==== ENTRIES SUPPLIED ====

(* For every integer $n\ge1$, $\operatorname{num}_{\mathcal T}(n,-1)=3^{v_3(n!)}$. In particular, for every $n\ge1$, $$\operatorname{num}_{\mathcal T}(3n,-1)=\operatorname{num}_{\mathcal T}(3n+1,-1)=\operatorname{num}_{\mathcal T}(3n+2,-1)=3^{v_3((3n)!)}.$$
   Context: $v_3(M)$ is the exponent of $3$ in the positive integer $M$. A ternary partition of $n$ is a partition of $n$ (finite nonincreasing sequence of positive integers summing to $n$) all of whose parts are powers of $3$ (including $1$); $\mathcal T(n)$ is the set of ternary partitions of $n$, and $m_\lambda(i)$ the number of parts of $\lambda$ equal to $i$. For $\lambda\in\mathcal T(n)$ let $h_{\mathcal T,\lambda}(x)=\prod_{k\ge0}(1+x^{3^k})^{\lfloor n/3^k\rfloor-m_\lambda(3^k)}$. Let $G_{\mathcal T}(n,x)=\gcd\{h_{\mathcal T,\lambda}(x):\lambda\in\mathcal T(n)\}$ in $\mathbb{Z}[x]$ (normalized with positive leading coefficient), and $\operatorname{num}_{\mathcal T}(n,x)=\frac{1}{G_{\mathcal T}(n,x)}\sum_{\lambda\in\mathcal T(n)}h_{\mathcal T,\lambda}(x)\in\mathbb{Z}[x]$. *)

From mathcomp Require Import all_boot all_order all_algebra.
Set Implicit Arguments. Unset Strict Implicit. Unset Printing Implicit Defensive.
Import GRing.Theory Num.Theory.
Local Open Scope ring_scope.

(* p is a power of 3 (p = 3^k for some k; such k satisfies k <= p). *)
Definition pow3 (p : nat) : bool := [exists k : 'I_p.+1, p == (3 ^ k)%N].

(* A partition of n has at most n parts, each at most n.  We represent a
   partition of n as an n-tuple with entries in {0..n}: its parts listed in
   nonincreasing order, padded at the end with zeros. *)
Definition is_ternary (n : nat) (t : n.-tuple 'I_n.+1) : bool :=
  [&& sorted geq (map val t),
      sumn (map val t) == n
    & all (fun p => (p == 0%N) || pow3 p) (map val t)].

Definition mult (n : nat) (t : n.-tuple 'I_n.+1) (i : nat) : nat :=
  count_mem i (map val t).

(* h_{T,lambda}(x) = prod_{k>=0} (1 + x^{3^k})^(floor(n/3^k) - m_lambda(3^k)).
   Factors with k > n are 1 (3^k > n), so the product is truncated to k <= n. *)
Definition hT (n : nat) (t : n.-tuple 'I_n.+1) : {poly int} :=
  \prod_(k < n.+1) (1 + 'X^((3 ^ k)%N)) ^+ (n %/ 3 ^ k - mult t (3 ^ k))%N.

Definition dvdZ (d p : {poly int}) : Prop := exists q : {poly int}, p = d * q.

Definition is_gcdT (n : nat) (g : {poly int}) : Prop :=
  [/\ (forall t : n.-tuple 'I_n.+1, is_ternary t -> dvdZ g (hT t)),
      (forall d : {poly int},
          (forall t : n.-tuple 'I_n.+1, is_ternary t -> dvdZ d (hT t)) ->
          dvdZ d g)
    & 0 < lead_coef g].

Definition sumT (n : nat) : {poly int} :=
  \sum_(t : n.-tuple 'I_n.+1 | is_ternary t) hT t.

Definition numT (n : nat) (q : {poly int}) : Prop :=
  exists g : {poly int}, is_gcdT n g /\ sumT n = g * q.

From mathcomp Require Import all_boot all_order all_algebra.
From mathcomp Require Import zify ring.
Set Implicit Arguments. Unset Strict Implicit. Unset Printing Implicit Defensive.
Import GRing.Theory Num.Theory Pdiv.Idomain.

(* Write c_0 = 1 + X and c_j = Phi_(2 3^j) = 1 - X^(3^(j-1)) + X^(2 3^(j-1)) for
   j >= 1, so that 1 + X^(3^k) = c_0 c_1 ... c_k and h_lambda = prod_j c_j^(E_j)
   with E_j = sum_(k >= j) (floor(n/3^k) - m_lambda(3^k)).  Each part 3^k with
   k >= j weighs at least 3^j, so there are at most floor(n/3^j) of them and
   E_j >= T_(j+1) := sum_(k > j) floor(n/3^k): g = prod_j c_j^(T_(j+1)) divides
   every h_lambda.  Conversely, a common divisor d of the h_lambda divides a monic
   polynomial, so its leading coefficient is a unit.  The partitions
   (3^m)^(floor(n/3^m)) 1^(n mod 3^m), m = 0, ..., n, together with the Bezout
   identity c_(m+1) + (2 - X^(3^m)) (1 + X^(3^m)) = 3, lower the exponents of
   c_1, c_2, ... one at a time to those of g, so d divides g and g is the gcd.
   At x = -1, c_0 vanishes and c_j = 3 for j >= 1; every h_lambda / g except
   that of lambda = 1^n contains c_0, so num(n, -1) = 3^(sum_(j >= 1)
   floor(n/3^j)) = 3^(v_3(n!)) by Legendre's formula. *)


Lemma count_mem_mul_leq_sumn (x : nat) (s : seq nat) : count_mem x s * x <= sumn s.
Proof.
elim: s => //= y s IH; rewrite mulnDl leq_add //.
by case: eqP => [->|]; rewrite ?mul1n ?mul0n.
Qed.

Lemma sum_pow3_count_leq (s : seq nat) L :
  \sum_(0 <= k < L) 3 ^ k * count_mem (3 ^ k) s <= sumn s.
Proof.
elim: s => [|x s IH]; first by rewrite big1 // => k _; rewrite muln0.
under eq_bigr do rewrite /= mulnDr.
rewrite big_split /= leq_add // big_mkord.
have [k /eqP x_k|no_k] := pickP (fun k : 'I_L => x == 3 ^ k); last first.
  by rewrite big1 // => k _; rewrite no_k muln0.
rewrite (bigD1 k) //= x_k eqxx muln1 big1 ?addn0 // => i ik.
by rewrite eqn_exp2l // eq_sym (inj_eq val_inj) (negbTE ik) muln0.
Qed.

Lemma pow3_mul_sum_count_leq (s : seq nat) j L :
  3 ^ j * \sum_(j <= k < L) count_mem (3 ^ k) s <=
  \sum_(j <= k < L) 3 ^ k * count_mem (3 ^ k) s.
Proof.
rewrite big_distrr big_nat_cond [X in _ <= X]big_nat_cond.
by apply: leq_sum => k /andP[/andP[jk _] _]; rewrite leq_mul2r leq_pexp2l ?orbT.
Qed.

Lemma tail_pow3_count_leq (s : seq nat) j L :
  3 ^ j * \sum_(j <= k < L) count_mem (3 ^ k) s <= sumn s.
Proof.
have [jL|Lj] := leqP j L; last by rewrite big_geq ?muln0 // ltnW.
apply: leq_trans (pow3_mul_sum_count_leq s j L) _.
apply: leq_trans (sum_pow3_count_leq s L).
by rewrite (big_cat_nat (leq0n j) jL) /= leq_addl.
Qed.

Lemma logn_factS_ndvd p m : prime p -> ~~ (p %| m.+1) -> logn p m.+1`! = logn p m`!.
Proof.
move=> p_pr p_ndvd; rewrite factS lognM ?fact_gt0 //.
by rewrite logn_coprime ?prime_coprime.
Qed.

Lemma pow3_expn k : pow3 (3 ^ k).
Proof.
by apply/existsP; exists (Ordinal (ltnW (ltn_expl k (isT : 1 < 3)) : k < (3 ^ k).+1)).
Qed.

Section TernaryPartition.
Variable n : nat.
Implicit Type t : n.-tuple 'I_n.+1.

Definition quot_tail j := \sum_(j <= k < n.+1) n %/ 3 ^ k.

Definition mult_tail t j := \sum_(j <= k < n.+1) mult t (3 ^ k).

Definition hT_exp t j := \sum_(j <= k < n.+1) (n %/ 3 ^ k - mult t (3 ^ k)).

Lemma quot_tail_recl j : j < n.+1 -> quot_tail j = n %/ 3 ^ j + quot_tail j.+1.
Proof. exact: big_ltn. Qed.

Lemma leq_quot_tail i j : i <= j -> quot_tail j <= quot_tail i.
Proof.
move=> ij; have [jn|nj] := leqP j n.+1; last by rewrite /quot_tail big_geq // ltnW.
by rewrite /quot_tail (big_cat_nat ij jn) leq_addl.
Qed.

Lemma mult_leq_quot t k : sumn (map val t) = n -> mult t (3 ^ k) <= n %/ 3 ^ k.
Proof.
move=> sum_t; rewrite leq_divRL ?expn_gt0 // -[X in _ <= X]sum_t.
exact: count_mem_mul_leq_sumn.
Qed.

Lemma mult_tail_leq_quot t j : sumn (map val t) = n -> mult_tail t j <= n %/ 3 ^ j.
Proof.
move=> sum_t; rewrite leq_divRL ?expn_gt0 // mulnC -[X in _ <= X]sum_t.
exact: tail_pow3_count_leq.
Qed.

Lemma hT_exp_leq_quot_tail t j : hT_exp t j <= quot_tail j.
Proof. by apply: leq_sum => k _; apply: leq_subr. Qed.

Lemma hT_exp_add_mult_tail t j : sumn (map val t) = n ->
  hT_exp t j + mult_tail t j = quot_tail j.
Proof.
move=> sum_t; rewrite /hT_exp sumnB => [|k _]; last exact: mult_leq_quot.
by rewrite subnK //; apply: leq_sum => k _; apply: mult_leq_quot.
Qed.

Lemma quot_tailS_leq_hT_exp t j : sumn (map val t) = n -> j < n.+1 ->
  quot_tail j.+1 <= hT_exp t j.
Proof.
move=> sum_t jn; have := hT_exp_add_mult_tail j sum_t.
have := mult_tail_leq_quot j sum_t; rewrite quot_tail_recl //; lia.
Qed.

(* Here all n parts of t are powers of 3, and weighing them by 3^k forces them to be 1. *)
Lemma hT_exp0_ones t : sumn (map val t) = n -> hT_exp t 0 = quot_tail 1 ->
  map val t = nseq n 1.
Proof.
move=> sum_t hT_exp0.
have := hT_exp_add_mult_tail 0 sum_t.
rewrite hT_exp0 [quot_tail 0]quot_tail_recl // expn0 divn1 addnC => /addIn.
rewrite /mult_tail big_ltn // expn0 => mult_tail0.
have := sum_pow3_count_leq (map val t) n.+1.
rewrite sum_t big_ltn // expn0 mul1n => weighted_sum.
have := pow3_mul_sum_count_leq (map val t) 1 n.+1; rewrite expn1 => weight.
have mult1 : mult t 1 = n by move: mult_tail0; rewrite /mult_tail /mult; lia.
have size_t : size (map val t) = n by rewrite size_map size_tuple.
have /all_pred1P : all (pred1 1) (map val t) by rewrite all_count size_t; apply/eqP.
by rewrite size_t.
Qed.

====

EXERCISE DETAILS: The expected answer is each line of the records above that includes the string "integer".

SOLUTION TO THE EXERCISE:
(* For every integer $n\ge1$, $\operatorname{num}_{\mathcal T}(n,-1)=3^{v_3(n!)}$. In particular, for every $n\ge1$, $$\operatorname{num}_{\mathcal T}(3n,-1)=\operatorname{num}_{\mathcal T}(3n+1,-1)=\operatorname{num}_{\mathcal T}(3n+2,-1)=3^{v_3((3n)!)}.$$
   Context: $v_3(M)$ is the exponent of $3$ in the positive integer $M$. A ternary partition of $n$ is a partition of $n$ (finite nonincreasing sequence of positive integers summing to $n$) all of whose parts are powers of $3$ (including $1$); $\mathcal T(n)$ is the set of ternary partitions of $n$, and $m_\lambda(i)$ the number of parts of $\lambda$ equal to $i$. For $\lambda\in\mathcal T(n)$ let $h_{\mathcal T,\lambda}(x)=\prod_{k\ge0}(1+x^{3^k})^{\lfloor n/3^k\rfloor-m_\lambda(3^k)}$. Let $G_{\mathcal T}(n,x)=\gcd\{h_{\mathcal T,\lambda}(x):\lambda\in\mathcal T(n)\}$ in $\mathbb{Z}[x]$ (normalized with positive leading coefficient), and $\operatorname{num}_{\mathcal T}(n,x)=\frac{1}{G_{\mathcal T}(n,x)}\sum_{\lambda\in\mathcal T(n)}h_{\mathcal T,\lambda}(x)\in\mathbb{Z}[x]$. *)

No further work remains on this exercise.